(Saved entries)

§

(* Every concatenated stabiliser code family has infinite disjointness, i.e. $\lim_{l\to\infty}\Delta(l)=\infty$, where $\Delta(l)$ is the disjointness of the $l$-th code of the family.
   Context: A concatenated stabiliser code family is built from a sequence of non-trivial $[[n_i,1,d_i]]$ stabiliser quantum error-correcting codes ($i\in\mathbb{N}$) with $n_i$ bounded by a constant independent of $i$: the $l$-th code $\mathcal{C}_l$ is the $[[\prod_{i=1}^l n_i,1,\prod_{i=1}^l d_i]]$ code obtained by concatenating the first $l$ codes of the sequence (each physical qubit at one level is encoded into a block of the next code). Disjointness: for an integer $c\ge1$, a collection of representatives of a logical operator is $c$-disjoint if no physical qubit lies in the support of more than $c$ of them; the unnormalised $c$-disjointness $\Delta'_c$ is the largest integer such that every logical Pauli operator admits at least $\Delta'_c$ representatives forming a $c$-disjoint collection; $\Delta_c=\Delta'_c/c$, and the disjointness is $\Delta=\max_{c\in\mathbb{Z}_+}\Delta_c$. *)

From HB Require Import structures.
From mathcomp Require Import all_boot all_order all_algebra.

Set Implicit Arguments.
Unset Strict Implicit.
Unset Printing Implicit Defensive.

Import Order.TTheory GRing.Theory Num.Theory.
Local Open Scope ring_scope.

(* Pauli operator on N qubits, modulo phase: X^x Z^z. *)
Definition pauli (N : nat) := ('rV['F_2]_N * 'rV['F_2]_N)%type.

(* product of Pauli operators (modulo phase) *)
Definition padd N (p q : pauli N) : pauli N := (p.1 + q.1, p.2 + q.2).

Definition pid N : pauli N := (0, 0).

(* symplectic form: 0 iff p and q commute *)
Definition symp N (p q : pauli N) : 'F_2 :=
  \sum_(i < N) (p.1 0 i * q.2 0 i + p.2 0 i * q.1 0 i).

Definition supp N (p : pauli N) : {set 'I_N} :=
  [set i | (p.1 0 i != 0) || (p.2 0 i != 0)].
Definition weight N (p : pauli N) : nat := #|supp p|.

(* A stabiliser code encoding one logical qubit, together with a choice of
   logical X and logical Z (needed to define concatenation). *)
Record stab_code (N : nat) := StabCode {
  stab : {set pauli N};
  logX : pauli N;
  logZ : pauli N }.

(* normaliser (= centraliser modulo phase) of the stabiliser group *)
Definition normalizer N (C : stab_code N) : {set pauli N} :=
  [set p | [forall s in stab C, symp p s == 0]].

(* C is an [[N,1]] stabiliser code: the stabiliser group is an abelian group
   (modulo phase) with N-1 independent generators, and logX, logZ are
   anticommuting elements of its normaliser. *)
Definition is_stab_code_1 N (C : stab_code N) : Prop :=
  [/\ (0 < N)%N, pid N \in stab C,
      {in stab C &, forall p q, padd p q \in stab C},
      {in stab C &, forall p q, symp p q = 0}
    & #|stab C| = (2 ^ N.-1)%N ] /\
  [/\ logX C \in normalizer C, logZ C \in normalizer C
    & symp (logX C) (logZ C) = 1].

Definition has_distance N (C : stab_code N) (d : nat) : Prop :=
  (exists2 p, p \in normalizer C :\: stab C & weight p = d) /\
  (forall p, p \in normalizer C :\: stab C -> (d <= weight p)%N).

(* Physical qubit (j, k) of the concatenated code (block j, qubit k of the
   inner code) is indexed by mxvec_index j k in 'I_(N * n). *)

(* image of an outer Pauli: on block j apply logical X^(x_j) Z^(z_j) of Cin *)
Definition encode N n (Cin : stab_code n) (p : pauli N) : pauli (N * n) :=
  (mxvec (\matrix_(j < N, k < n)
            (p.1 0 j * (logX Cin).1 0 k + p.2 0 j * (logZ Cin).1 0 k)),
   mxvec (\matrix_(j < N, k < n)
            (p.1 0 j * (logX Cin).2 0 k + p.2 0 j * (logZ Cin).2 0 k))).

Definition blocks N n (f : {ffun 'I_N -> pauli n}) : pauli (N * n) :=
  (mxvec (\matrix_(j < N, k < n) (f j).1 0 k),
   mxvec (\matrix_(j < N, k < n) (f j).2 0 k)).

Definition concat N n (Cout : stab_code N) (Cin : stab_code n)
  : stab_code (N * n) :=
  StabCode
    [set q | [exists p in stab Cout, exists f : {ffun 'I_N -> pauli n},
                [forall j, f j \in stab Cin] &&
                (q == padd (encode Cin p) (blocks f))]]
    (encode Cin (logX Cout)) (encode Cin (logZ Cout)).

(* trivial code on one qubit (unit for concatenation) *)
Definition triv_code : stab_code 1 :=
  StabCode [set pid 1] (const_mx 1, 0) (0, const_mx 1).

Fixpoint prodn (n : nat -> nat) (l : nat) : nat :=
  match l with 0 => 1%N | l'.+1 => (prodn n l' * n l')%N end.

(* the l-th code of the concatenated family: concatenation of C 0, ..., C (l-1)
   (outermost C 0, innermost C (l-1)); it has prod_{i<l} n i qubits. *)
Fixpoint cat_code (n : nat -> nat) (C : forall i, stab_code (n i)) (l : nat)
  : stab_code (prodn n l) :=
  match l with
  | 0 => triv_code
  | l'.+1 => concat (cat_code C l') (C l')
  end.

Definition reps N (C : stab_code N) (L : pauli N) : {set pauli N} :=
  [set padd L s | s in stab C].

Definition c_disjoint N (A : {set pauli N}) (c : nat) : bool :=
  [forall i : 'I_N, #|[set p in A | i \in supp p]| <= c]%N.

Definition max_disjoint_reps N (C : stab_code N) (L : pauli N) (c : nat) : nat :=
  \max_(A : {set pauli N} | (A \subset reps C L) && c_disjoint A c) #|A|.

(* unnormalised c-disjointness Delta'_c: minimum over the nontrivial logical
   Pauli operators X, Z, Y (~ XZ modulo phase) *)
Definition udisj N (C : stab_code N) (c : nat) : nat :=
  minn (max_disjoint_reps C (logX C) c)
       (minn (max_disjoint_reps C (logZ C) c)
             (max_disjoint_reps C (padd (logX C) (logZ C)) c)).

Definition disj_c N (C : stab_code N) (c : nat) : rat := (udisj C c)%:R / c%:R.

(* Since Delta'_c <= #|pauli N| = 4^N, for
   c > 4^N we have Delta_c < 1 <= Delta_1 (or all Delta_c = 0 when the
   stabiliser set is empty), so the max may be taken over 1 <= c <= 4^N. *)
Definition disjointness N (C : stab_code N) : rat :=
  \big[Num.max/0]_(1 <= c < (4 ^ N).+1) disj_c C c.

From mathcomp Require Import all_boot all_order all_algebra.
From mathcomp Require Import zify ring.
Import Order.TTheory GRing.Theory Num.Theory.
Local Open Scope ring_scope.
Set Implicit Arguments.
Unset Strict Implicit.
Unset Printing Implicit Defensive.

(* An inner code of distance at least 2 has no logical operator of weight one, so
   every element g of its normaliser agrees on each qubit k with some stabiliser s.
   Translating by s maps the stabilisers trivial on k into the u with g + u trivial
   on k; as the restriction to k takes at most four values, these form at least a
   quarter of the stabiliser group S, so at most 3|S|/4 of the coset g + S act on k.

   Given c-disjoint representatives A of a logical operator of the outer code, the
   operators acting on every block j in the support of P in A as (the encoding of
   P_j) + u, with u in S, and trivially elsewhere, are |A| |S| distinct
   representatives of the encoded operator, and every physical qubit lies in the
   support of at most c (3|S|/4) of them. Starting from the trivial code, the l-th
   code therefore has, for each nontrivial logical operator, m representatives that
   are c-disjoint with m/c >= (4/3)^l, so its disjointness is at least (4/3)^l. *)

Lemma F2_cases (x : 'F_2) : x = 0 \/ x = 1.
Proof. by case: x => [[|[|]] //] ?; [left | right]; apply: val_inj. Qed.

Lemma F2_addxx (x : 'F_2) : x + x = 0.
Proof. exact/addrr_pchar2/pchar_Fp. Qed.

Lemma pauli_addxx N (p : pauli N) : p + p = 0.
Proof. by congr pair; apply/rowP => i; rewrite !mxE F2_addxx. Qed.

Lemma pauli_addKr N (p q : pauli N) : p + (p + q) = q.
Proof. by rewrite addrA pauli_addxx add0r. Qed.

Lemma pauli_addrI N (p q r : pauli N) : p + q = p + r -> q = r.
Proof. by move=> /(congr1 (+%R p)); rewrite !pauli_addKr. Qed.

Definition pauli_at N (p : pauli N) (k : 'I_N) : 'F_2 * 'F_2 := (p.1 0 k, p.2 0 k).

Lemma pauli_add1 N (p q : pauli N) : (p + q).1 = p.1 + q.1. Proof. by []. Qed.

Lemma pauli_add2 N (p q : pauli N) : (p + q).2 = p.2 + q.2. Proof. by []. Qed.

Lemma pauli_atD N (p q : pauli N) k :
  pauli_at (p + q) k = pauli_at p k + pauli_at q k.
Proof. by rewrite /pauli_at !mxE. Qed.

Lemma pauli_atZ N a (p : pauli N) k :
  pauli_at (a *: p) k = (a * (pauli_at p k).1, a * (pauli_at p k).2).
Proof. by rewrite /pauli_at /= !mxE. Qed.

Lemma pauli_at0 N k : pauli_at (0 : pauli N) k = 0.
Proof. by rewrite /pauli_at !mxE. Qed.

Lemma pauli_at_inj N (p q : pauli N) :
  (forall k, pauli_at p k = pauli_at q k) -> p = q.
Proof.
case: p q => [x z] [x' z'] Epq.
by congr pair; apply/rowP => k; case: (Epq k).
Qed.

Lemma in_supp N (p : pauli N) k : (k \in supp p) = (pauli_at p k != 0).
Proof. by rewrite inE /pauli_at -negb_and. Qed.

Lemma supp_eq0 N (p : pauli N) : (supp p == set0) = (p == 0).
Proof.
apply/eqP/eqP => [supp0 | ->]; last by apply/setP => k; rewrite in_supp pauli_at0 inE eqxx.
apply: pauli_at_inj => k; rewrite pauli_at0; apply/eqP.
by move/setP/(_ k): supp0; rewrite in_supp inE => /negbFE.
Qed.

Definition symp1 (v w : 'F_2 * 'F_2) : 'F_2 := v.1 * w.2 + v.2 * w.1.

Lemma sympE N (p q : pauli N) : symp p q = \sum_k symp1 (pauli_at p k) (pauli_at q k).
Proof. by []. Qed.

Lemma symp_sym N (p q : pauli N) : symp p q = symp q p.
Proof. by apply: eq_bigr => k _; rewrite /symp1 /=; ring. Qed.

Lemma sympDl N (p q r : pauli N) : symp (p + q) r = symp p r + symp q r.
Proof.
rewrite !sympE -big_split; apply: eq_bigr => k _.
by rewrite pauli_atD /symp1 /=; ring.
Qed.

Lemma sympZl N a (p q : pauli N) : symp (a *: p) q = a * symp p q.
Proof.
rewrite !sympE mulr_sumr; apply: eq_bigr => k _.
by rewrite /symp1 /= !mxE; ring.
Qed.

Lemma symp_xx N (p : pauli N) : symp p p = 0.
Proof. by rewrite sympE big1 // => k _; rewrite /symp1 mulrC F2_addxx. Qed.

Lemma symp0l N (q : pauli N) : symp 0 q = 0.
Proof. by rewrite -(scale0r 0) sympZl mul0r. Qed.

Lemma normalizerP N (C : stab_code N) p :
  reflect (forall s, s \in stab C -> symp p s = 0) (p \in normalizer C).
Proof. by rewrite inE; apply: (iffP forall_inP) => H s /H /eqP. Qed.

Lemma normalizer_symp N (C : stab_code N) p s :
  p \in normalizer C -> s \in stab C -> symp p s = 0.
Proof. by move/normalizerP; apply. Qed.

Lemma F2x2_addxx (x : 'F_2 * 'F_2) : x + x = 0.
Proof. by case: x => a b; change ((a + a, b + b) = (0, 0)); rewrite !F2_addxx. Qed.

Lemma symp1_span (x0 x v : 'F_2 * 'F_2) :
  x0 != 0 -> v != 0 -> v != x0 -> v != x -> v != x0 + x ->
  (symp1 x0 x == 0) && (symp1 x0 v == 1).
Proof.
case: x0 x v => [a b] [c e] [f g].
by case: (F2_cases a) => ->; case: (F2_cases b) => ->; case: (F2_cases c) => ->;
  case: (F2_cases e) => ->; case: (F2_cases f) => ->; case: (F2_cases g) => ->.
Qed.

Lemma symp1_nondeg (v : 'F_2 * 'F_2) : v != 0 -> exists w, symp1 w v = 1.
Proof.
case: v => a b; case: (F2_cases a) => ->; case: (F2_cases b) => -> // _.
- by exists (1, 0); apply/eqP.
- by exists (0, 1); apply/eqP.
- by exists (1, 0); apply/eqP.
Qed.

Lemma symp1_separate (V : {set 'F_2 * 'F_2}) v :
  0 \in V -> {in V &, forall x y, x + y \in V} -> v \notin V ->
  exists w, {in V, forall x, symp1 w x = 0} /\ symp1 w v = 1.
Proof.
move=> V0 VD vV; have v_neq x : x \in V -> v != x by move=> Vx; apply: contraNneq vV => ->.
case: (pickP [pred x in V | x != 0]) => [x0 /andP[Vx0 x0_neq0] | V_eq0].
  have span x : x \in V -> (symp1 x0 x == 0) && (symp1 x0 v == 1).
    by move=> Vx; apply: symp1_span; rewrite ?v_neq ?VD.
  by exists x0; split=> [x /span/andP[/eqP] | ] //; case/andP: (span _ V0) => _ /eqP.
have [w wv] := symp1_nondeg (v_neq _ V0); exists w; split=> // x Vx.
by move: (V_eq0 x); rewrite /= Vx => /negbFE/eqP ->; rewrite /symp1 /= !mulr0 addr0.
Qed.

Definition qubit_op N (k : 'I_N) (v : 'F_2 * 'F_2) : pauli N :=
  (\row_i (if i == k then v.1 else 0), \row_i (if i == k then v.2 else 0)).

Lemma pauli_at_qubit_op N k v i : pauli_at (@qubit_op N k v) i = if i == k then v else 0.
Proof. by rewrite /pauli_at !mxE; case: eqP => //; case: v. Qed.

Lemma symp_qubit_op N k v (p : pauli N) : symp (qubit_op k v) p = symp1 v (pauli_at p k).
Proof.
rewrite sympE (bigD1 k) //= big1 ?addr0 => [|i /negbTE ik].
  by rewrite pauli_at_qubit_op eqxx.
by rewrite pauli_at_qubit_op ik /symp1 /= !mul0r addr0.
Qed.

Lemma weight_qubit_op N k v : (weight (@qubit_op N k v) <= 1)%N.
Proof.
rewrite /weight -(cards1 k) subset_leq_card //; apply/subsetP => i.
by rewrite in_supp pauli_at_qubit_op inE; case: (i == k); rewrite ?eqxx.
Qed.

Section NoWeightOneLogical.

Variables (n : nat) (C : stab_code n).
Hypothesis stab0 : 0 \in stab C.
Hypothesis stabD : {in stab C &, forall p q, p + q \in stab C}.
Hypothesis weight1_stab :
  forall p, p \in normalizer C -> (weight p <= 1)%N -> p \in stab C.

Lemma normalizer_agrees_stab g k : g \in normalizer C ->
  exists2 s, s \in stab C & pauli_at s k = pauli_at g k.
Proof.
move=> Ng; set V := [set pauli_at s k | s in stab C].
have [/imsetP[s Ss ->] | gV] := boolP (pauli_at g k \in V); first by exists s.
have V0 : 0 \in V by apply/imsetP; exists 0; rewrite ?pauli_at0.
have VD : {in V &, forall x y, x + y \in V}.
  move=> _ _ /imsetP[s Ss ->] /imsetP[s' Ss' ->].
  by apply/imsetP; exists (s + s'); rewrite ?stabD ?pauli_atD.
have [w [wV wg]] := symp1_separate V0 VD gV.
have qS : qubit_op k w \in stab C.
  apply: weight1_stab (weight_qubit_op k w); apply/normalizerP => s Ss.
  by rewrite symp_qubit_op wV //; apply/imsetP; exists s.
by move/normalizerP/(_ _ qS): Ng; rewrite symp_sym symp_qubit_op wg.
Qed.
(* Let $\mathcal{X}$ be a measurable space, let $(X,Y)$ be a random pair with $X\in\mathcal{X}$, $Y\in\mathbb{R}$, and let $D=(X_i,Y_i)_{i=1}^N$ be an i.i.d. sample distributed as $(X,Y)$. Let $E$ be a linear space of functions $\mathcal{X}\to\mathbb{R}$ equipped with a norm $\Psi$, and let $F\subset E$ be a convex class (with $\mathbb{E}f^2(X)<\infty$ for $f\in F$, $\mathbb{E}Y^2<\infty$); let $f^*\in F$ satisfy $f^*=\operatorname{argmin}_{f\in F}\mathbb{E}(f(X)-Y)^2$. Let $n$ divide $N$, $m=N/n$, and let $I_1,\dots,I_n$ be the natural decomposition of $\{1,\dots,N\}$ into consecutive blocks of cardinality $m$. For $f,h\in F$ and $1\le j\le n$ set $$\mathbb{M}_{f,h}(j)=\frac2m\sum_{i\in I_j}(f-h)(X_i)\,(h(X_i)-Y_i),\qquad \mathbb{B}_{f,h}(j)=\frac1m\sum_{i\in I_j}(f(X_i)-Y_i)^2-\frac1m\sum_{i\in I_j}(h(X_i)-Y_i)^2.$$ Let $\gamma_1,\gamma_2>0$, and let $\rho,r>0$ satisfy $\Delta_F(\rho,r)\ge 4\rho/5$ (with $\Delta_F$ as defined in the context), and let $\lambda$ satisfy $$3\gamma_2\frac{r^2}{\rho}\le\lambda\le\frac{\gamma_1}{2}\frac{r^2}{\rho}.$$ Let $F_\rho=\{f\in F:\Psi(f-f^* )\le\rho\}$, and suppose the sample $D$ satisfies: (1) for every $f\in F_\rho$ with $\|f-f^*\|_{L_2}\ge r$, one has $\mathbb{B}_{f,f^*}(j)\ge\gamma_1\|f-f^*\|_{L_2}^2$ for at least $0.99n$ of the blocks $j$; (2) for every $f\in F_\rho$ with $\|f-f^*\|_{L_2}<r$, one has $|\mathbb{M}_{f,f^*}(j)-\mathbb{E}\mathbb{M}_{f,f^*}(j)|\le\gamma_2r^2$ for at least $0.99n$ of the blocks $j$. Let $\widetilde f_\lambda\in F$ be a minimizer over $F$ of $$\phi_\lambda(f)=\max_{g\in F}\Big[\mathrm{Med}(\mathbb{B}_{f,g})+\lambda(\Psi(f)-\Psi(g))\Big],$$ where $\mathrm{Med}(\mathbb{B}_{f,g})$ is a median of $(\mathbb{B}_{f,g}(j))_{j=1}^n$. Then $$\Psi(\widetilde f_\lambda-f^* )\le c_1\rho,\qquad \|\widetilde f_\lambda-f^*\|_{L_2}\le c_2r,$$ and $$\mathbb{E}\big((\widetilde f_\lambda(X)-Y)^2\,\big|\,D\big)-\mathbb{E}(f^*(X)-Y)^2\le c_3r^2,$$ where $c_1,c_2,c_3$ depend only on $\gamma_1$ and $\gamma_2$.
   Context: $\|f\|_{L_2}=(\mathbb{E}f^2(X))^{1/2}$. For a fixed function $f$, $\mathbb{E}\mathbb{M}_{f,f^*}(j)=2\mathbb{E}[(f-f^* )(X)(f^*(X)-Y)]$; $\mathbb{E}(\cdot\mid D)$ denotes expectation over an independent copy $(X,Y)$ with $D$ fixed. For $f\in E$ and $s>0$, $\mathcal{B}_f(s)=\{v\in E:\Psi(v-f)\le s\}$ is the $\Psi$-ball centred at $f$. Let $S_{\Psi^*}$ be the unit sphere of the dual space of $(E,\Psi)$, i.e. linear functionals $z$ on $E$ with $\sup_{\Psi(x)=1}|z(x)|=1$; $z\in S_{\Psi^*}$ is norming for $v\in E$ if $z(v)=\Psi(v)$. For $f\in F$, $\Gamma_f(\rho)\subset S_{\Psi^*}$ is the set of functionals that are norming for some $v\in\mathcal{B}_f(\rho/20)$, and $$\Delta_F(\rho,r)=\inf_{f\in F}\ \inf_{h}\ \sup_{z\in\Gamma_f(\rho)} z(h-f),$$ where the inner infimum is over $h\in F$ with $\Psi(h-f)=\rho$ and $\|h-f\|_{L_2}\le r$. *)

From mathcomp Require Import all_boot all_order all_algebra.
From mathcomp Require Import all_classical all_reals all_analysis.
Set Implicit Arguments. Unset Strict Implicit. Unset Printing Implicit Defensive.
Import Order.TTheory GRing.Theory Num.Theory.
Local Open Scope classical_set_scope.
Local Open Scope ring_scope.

§

#### Task details:
A word-for-word copy of the lines above from the one with "[set p | [forall" through the one with "(* the l-th", inclusive, is the only output wanted.

#### Finished exercise:
  [set p | [forall s in stab C, symp p s == 0]].

(* C is an [[N,1]] stabiliser code: the stabiliser group is an abelian group
   (modulo phase) with N-1 independent generators, and logX, logZ are
   anticommuting elements of its normaliser. *)
Definition is_stab_code_1 N (C : stab_code N) : Prop :=
  [/\ (0 < N)%N, pid N \in stab C,
      {in stab C &, forall p q, padd p q \in stab C},
      {in stab C &, forall p q, symp p q = 0}
    & #|stab C| = (2 ^ N.-1)%N ] /\
  [/\ logX C \in normalizer C, logZ C \in normalizer C
    & symp (logX C) (logZ C) = 1].

Definition has_distance N (C : stab_code N) (d : nat) : Prop :=
  (exists2 p, p \in normalizer C :\: stab C & weight p = d) /\
  (forall p, p \in normalizer C :\: stab C -> (d <= weight p)%N).

(* Physical qubit (j, k) of the concatenated code (block j, qubit k of the
   inner code) is indexed by mxvec_index j k in 'I_(N * n). *)

(* image of an outer Pauli: on block j apply logical X^(x_j) Z^(z_j) of Cin *)
Definition encode N n (Cin : stab_code n) (p : pauli N) : pauli (N * n) :=
  (mxvec (\matrix_(j < N, k < n)
            (p.1 0 j * (logX Cin).1 0 k + p.2 0 j * (logZ Cin).1 0 k)),
   mxvec (\matrix_(j < N, k < n)
            (p.1 0 j * (logX Cin).2 0 k + p.2 0 j * (logZ Cin).2 0 k))).

Definition blocks N n (f : {ffun 'I_N -> pauli n}) : pauli (N * n) :=
  (mxvec (\matrix_(j < N, k < n) (f j).1 0 k),
   mxvec (\matrix_(j < N, k < n) (f j).2 0 k)).

Definition concat N n (Cout : stab_code N) (Cin : stab_code n)
  : stab_code (N * n) :=
  StabCode
    [set q | [exists p in stab Cout, exists f : {ffun 'I_N -> pauli n},
                [forall j, f j \in stab Cin] &&
                (q == padd (encode Cin p) (blocks f))]]
    (encode Cin (logX Cout)) (encode Cin (logZ Cout)).

(* trivial code on one qubit (unit for concatenation) *)
Definition triv_code : stab_code 1 :=
  StabCode [set pid 1] (const_mx 1, 0) (0, const_mx 1).

Fixpoint prodn (n : nat -> nat) (l : nat) : nat :=
  match l with 0 => 1%N | l'.+1 => (prodn n l' * n l')%N end.

(* the l-th code of the concatenated family: concatenation of C 0, ..., C (l-1)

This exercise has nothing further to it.